Work instructions: Each line of the data should be repeated precisely.

START Task input

(* Let $\mathbf u\in\{0,1\}^{\mathbb N}$ with $\mathbf u\ne0^k\overline1$ and $\mathbf u\ne1^k\overline0$ for all $k\ge0$. Then there is a suffix $\mathbf v$ of $\mathbf u$ such that $\inf(\mathbf v)=\inf_1(\mathbf v)=\inf_1(\mathbf u)$ and $\sup(\mathbf v)=\sup_0(\mathbf v)=\sup_0(\mathbf u)$.
   Context: Infinite words over $\{0,1\}$ are ordered lexicographically; $\overline{a}$ denotes infinite repetition of $a$ and $0^k$ is the word of $k$ zeros. For $\mathbf u=u_1u_2\cdots\in\{0,1\}^{\mathbb N}$, $\sup(\mathbf u)$ and $\inf(\mathbf u)$ are the lexicographic supremum and infimum of $\{u_ku_{k+1}\cdots:k\ge1\}$, $\inf_1(\mathbf u)=\inf\{u_{k+1}u_{k+2}\cdots:k\ge1,\ u_k=1\}$ and $\sup_0(\mathbf u)=\sup\{u_{k+1}u_{k+2}\cdots:k\ge1,\ u_k=0\}$. A suffix of $\mathbf u$ is a word $u_ku_{k+1}\cdots$ with $k\ge1$. *)

(* Infinite binary words over {0,1} encoded as nat -> bool,
   with false = 0 and true = 1; positions are 0-indexed (u_1 is u 0). *)
From Stdlib Require Import Arith.

Definition word := nat -> bool.

Definition weq (u v : word) : Prop := forall i, u i = v i.

Definition lex_lt (u v : word) : Prop :=
  exists n, (forall i, i < n -> u i = v i) /\ u n = false /\ v n = true.

Definition lex_le (u v : word) : Prop := weq u v \/ lex_lt u v.

Definition is_sup (S : word -> Prop) (s : word) : Prop :=
  (forall x, S x -> lex_le x s) /\
  (forall b, (forall x, S x -> lex_le x b) -> lex_le s b).

Definition is_inf (S : word -> Prop) (m : word) : Prop :=
  (forall x, S x -> lex_le m x) /\
  (forall b, (forall x, S x -> lex_le b x) -> lex_le b m).

(* the suffix u_{j+1} u_{j+2} ... (0-indexed: drop the first j letters) *)
Definition shift (j : nat) (u : word) : word := fun i => u (i + j).

Definition suffixes (u : word) : word -> Prop :=
  fun x => exists j, weq x (shift j u).

(* {u_{k+1} u_{k+2} ... : k >= 1, u_k = 1}  (used for inf_1) *)
Definition after1 (u : word) : word -> Prop :=
  fun x => exists j, u j = true /\ weq x (shift (S j) u).

(* {u_{k+1} u_{k+2} ... : k >= 1, u_k = 0}  (used for sup_0) *)
Definition after0 (u : word) : word -> Prop :=
  fun x => exists j, u j = false /\ weq x (shift (S j) u).

Definition zeros_then_ones (k : nat) : word := fun i => if i <? k then false else true.
Definition ones_then_zeros (k : nat) : word := fun i => if i <? k then true else false.

(** By complementing letters (which swaps [inf]/[sup] and [inf_1]/[sup_0]) we may
    assume that [u] starts with [1]; let [q] be the position of its first [0] and
    [w := u_q u_{q+1} ...] (which starts with [0]).  Every zero of [u] lies in [w], so
    [sup_0(u) = sup_0(w)] dominates all suffixes of [w] and of [1w].  The suffixes of
    [u] following a [1] are [w], words starting with [1], and those of [w]; hence
    [inf_1(u) = min(w, a)] with [a := inf_1(w)].  If [a <= w] the suffix [v := w] works,
    and if [w < a] the suffix [v := 1w] works, with [inf(v) = inf_1(v) = w]. *)

From Stdlib Require Import Arith Lia Wf_nat Classical FunctionalExtensionality
  ClassicalDescription.

Definition wcompl (x : word) : word := fun i => negb (x i).

Definition wcons (b : bool) (x : word) : word :=
  fun i => match i with 0 => b | S i => x i end.

Lemma weq_eq x y : weq x y <-> x = y.
Proof.
  split; intro H.
  - apply functional_extensionality; exact H.
  - subst; intro; reflexivity.
Qed.

Lemma wcomplK x : wcompl (wcompl x) = x.
Proof. apply functional_extensionality; intro i; unfold wcompl; destruct (x i); reflexivity. Qed.

Lemma wcompl_zeros_then_ones k : wcompl (zeros_then_ones k) = ones_then_zeros k.
Proof.
  apply functional_extensionality; intro i.
  unfold wcompl, zeros_then_ones, ones_then_zeros; destruct (i <? k); reflexivity.
Qed.

Lemma wcompl_ones_then_zeros k : wcompl (ones_then_zeros k) = zeros_then_ones k.
Proof. rewrite <- wcompl_zeros_then_ones; apply wcomplK. Qed.

Lemma shift_wcons k u : shift k u = wcons (u k) (shift (S k) u).
Proof. apply functional_extensionality; intros [|i]; unfold shift; simpl; f_equal; lia. Qed.

Lemma shift_wcompl j u : shift j (wcompl u) = wcompl (shift j u).
Proof. reflexivity. Qed.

END Task input

Your response:
(* Let $\mathbf u\in\{0,1\}^{\mathbb N}$ with $\mathbf u\ne0^k\overline1$ and $\mathbf u\ne1^k\overline0$ for all $k\ge0$. Then there is a suffix $\mathbf v$ of $\mathbf u$ such that $\inf(\mathbf v)=\inf_1(\mathbf v)=\inf_1(\mathbf u)$ and $\sup(\mathbf v)=\sup_0(\mathbf v)=\sup_0(\mathbf u)$.
   Context: Infinite words over $\{0,1\}$ are ordered lexicographically; $\overline{a}$ denotes infinite repetition of $a$ and $0^k$ is the word of $k$ zeros. For $\mathbf u=u_1u_2\cdots\in\{0,1\}^{\mathbb N}$, $\sup(\mathbf u)$ and $\inf(\mathbf u)$ are the lexicographic supremum and infimum of $\{u_ku_{k+1}\cdots:k\ge1\}$, $\inf_1(\mathbf u)=\inf\{u_{k+1}u_{k+2}\cdots:k\ge1,\ u_k=1\}$ and $\sup_0(\mathbf u)=\sup\{u_{k+1}u_{k+2}\cdots:k\ge1,\ u_k=0\}$. A suffix of $\mathbf u$ is a word $u_ku_{k+1}\cdots$ with $k\ge1$. *)

(* Infinite binary words over {0,1} encoded as nat -> bool,
   with false = 0 and true = 1; positions are 0-indexed (u_1 is u 0). *)
From Stdlib Require Import Arith.

Definition word := nat -> bool.

Definition weq (u v : word) : Prop := forall i, u i = v i.

Definition lex_lt (u v : word) : Prop :=
  exists n, (forall i, i < n -> u i = v i) /\ u n = false /\ v n = true.

Definition lex_le (u v : word) : Prop := weq u v \/ lex_lt u v.

Definition is_sup (S : word -> Prop) (s : word) : Prop :=
  (forall x, S x -> lex_le x s) /\
  (forall b, (forall x, S x -> lex_le x b) -> lex_le s b).

Definition is_inf (S : word -> Prop) (m : word) : Prop :=
  (forall x, S x -> lex_le m x) /\
  (forall b, (forall x, S x -> lex_le b x) -> lex_le b m).

(* the suffix u_{j+1} u_{j+2} ... (0-indexed: drop the first j letters) *)
Definition shift (j : nat) (u : word) : word := fun i => u (i + j).

Definition suffixes (u : word) : word -> Prop :=
  fun x => exists j, weq x (shift j u).

(* {u_{k+1} u_{k+2} ... : k >= 1, u_k = 1}  (used for inf_1) *)
Definition after1 (u : word) : word -> Prop :=
  fun x => exists j, u j = true /\ weq x (shift (S j) u).

(* {u_{k+1} u_{k+2} ... : k >= 1, u_k = 0}  (used for sup_0) *)
Definition after0 (u : word) : word -> Prop :=
  fun x => exists j, u j = false /\ weq x (shift (S j) u).

Definition zeros_then_ones (k : nat) : word := fun i => if i <? k then false else true.
Definition ones_then_zeros (k : nat) : word := fun i => if i <? k then true else false.

(** By complementing letters (which swaps [inf]/[sup] and [inf_1]/[sup_0]) we may
    assume that [u] starts with [1]; let [q] be the position of its first [0] and
    [w := u_q u_{q+1} ...] (which starts with [0]).  Every zero of [u] lies in [w], so
    [sup_0(u) = sup_0(w)] dominates all suffixes of [w] and of [1w].  The suffixes of
    [u] following a [1] are [w], words starting with [1], and those of [w]; hence
    [inf_1(u) = min(w, a)] with [a := inf_1(w)].  If [a <= w] the suffix [v := w] works,
    and if [w < a] the suffix [v := 1w] works, with [inf(v) = inf_1(v) = w]. *)

From Stdlib Require Import Arith Lia Wf_nat Classical FunctionalExtensionality
  ClassicalDescription.

Definition wcompl (x : word) : word := fun i => negb (x i).

Definition wcons (b : bool) (x : word) : word :=
  fun i => match i with 0 => b | S i => x i end.

Lemma weq_eq x y : weq x y <-> x = y.
Proof.
  split; intro H.
  - apply functional_extensionality; exact H.
  - subst; intro; reflexivity.
Qed.

Lemma wcomplK x : wcompl (wcompl x) = x.
Proof. apply functional_extensionality; intro i; unfold wcompl; destruct (x i); reflexivity. Qed.

Lemma wcompl_zeros_then_ones k : wcompl (zeros_then_ones k) = ones_then_zeros k.
Proof.
  apply functional_extensionality; intro i.
  unfold wcompl, zeros_then_ones, ones_then_zeros; destruct (i <? k); reflexivity.
Qed.

Lemma wcompl_ones_then_zeros k : wcompl (ones_then_zeros k) = zeros_then_ones k.
Proof. rewrite <- wcompl_zeros_then_ones; apply wcomplK. Qed.

Lemma shift_wcons k u : shift k u = wcons (u k) (shift (S k) u).
Proof. apply functional_extensionality; intros [|i]; unfold shift; simpl; f_equal; lia. Qed.

Lemma shift_wcompl j u : shift j (wcompl u) = wcompl (shift j u).
Proof. reflexivity. Qed.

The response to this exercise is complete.